Task statement. Lift out each line of the data that holds "reflexivity".

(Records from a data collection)
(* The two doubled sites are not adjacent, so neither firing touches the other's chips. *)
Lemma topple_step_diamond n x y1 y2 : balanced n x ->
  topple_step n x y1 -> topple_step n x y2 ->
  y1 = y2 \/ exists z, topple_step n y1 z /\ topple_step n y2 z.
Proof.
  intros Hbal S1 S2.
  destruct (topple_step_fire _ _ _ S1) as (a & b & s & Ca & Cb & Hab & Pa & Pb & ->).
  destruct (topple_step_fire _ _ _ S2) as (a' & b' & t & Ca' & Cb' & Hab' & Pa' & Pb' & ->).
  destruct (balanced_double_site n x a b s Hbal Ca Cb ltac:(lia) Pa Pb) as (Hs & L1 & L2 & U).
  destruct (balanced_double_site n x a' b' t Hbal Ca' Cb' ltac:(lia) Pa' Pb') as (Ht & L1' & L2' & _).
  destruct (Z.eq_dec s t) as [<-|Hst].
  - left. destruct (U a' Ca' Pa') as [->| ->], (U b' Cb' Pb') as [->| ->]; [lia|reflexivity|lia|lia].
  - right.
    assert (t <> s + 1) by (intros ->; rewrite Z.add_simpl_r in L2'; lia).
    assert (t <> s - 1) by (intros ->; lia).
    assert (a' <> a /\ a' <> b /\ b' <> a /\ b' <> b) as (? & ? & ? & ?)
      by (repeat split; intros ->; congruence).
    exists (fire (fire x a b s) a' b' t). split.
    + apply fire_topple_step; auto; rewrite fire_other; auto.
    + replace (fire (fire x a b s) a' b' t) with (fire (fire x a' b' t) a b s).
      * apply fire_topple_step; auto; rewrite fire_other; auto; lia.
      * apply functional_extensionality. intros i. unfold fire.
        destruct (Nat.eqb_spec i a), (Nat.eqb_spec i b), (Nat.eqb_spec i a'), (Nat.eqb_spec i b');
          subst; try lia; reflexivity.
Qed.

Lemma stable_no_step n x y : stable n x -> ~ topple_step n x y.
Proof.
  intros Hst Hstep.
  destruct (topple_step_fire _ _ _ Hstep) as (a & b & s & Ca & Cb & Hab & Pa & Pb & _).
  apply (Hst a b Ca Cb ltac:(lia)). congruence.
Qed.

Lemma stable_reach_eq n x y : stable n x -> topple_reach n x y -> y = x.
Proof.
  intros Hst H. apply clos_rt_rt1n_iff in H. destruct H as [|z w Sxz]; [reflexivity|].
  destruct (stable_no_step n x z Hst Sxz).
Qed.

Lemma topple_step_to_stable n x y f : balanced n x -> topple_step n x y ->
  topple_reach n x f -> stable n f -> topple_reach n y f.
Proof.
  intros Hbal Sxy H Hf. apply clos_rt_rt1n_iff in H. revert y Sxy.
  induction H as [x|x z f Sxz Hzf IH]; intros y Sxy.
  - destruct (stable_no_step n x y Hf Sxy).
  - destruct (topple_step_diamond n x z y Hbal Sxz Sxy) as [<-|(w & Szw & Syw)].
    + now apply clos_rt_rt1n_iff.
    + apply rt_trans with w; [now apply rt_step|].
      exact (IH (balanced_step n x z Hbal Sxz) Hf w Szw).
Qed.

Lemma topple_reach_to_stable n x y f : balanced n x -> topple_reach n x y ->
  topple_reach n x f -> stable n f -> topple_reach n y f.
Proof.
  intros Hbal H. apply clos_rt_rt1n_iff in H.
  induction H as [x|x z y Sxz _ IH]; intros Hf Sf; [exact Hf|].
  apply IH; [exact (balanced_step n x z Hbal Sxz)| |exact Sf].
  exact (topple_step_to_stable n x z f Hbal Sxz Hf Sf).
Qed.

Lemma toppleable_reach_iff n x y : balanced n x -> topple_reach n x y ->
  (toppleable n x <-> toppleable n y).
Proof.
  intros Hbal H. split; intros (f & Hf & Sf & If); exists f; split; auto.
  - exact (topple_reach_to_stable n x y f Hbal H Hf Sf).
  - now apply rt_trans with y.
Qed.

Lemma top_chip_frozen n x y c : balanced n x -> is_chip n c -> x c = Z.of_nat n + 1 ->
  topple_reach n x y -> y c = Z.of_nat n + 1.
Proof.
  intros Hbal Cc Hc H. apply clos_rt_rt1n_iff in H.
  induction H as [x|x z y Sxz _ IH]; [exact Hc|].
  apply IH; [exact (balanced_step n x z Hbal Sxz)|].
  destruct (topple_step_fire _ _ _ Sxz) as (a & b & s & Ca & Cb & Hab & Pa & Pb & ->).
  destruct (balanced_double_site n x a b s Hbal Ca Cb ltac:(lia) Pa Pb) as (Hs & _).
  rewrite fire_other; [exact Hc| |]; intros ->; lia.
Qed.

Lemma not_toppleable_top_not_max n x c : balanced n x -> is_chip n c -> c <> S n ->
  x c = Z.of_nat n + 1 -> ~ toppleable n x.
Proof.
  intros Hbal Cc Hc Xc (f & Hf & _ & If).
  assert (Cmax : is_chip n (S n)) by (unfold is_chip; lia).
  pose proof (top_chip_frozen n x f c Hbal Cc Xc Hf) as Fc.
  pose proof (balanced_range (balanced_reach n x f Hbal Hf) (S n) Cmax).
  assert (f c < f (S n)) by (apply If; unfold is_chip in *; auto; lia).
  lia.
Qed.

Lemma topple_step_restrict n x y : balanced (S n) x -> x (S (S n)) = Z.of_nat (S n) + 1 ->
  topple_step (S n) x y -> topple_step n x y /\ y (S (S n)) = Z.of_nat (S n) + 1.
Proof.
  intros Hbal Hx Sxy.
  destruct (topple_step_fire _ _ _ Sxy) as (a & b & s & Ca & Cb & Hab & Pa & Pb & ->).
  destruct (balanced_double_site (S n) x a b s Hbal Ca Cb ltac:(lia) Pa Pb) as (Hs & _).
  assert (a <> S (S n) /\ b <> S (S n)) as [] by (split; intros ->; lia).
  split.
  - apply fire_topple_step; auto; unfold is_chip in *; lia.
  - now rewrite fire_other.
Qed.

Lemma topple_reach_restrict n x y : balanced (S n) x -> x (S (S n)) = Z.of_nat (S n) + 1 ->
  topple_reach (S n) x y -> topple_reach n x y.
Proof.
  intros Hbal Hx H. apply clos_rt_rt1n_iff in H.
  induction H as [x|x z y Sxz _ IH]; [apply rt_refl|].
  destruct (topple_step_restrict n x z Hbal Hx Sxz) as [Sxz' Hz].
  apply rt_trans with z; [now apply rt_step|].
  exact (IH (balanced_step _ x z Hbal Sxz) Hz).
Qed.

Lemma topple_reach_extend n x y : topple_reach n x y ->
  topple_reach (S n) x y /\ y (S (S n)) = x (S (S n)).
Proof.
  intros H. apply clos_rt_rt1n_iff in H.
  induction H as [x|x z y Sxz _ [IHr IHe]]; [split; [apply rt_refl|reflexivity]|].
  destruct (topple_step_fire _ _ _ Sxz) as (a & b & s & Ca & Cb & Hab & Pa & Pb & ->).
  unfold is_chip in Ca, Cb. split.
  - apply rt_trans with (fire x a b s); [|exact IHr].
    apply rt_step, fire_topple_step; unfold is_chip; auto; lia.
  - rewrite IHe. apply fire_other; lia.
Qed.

---

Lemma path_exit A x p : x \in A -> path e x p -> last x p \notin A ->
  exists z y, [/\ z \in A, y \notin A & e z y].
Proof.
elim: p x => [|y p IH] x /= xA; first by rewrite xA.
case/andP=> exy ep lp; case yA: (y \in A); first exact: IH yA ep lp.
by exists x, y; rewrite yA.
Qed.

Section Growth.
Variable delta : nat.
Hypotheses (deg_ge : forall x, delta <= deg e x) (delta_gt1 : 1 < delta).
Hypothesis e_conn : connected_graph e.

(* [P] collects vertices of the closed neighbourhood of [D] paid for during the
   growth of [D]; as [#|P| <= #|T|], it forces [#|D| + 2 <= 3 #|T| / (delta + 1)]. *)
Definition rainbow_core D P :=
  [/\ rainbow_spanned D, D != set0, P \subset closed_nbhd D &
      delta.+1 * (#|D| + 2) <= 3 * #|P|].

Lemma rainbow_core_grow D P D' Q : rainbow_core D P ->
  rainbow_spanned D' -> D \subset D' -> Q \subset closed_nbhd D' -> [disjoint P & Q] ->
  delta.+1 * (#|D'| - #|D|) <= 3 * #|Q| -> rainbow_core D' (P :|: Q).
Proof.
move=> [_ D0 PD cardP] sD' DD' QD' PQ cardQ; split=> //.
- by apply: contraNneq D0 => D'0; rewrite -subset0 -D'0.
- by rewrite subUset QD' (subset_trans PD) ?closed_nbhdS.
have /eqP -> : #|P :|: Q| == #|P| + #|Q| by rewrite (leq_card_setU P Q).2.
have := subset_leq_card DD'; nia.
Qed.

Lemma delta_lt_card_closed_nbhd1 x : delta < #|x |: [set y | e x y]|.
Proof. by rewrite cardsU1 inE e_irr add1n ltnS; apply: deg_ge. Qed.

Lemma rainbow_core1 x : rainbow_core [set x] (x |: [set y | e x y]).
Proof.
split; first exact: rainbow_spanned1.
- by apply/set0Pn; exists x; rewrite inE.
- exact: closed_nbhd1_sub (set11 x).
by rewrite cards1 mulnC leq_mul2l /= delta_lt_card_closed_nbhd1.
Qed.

Answer to the problem.
  - left. destruct (U a' Ca' Pa') as [->| ->], (U b' Cb' Pb') as [->| ->]; [lia|reflexivity|lia|lia].
          subst; try lia; reflexivity.
  intros Hst H. apply clos_rt_rt1n_iff in H. destruct H as [|z w Sxz]; [reflexivity|].
  induction H as [x|x z y Sxz _ [IHr IHe]]; [split; [apply rt_refl|reflexivity]|].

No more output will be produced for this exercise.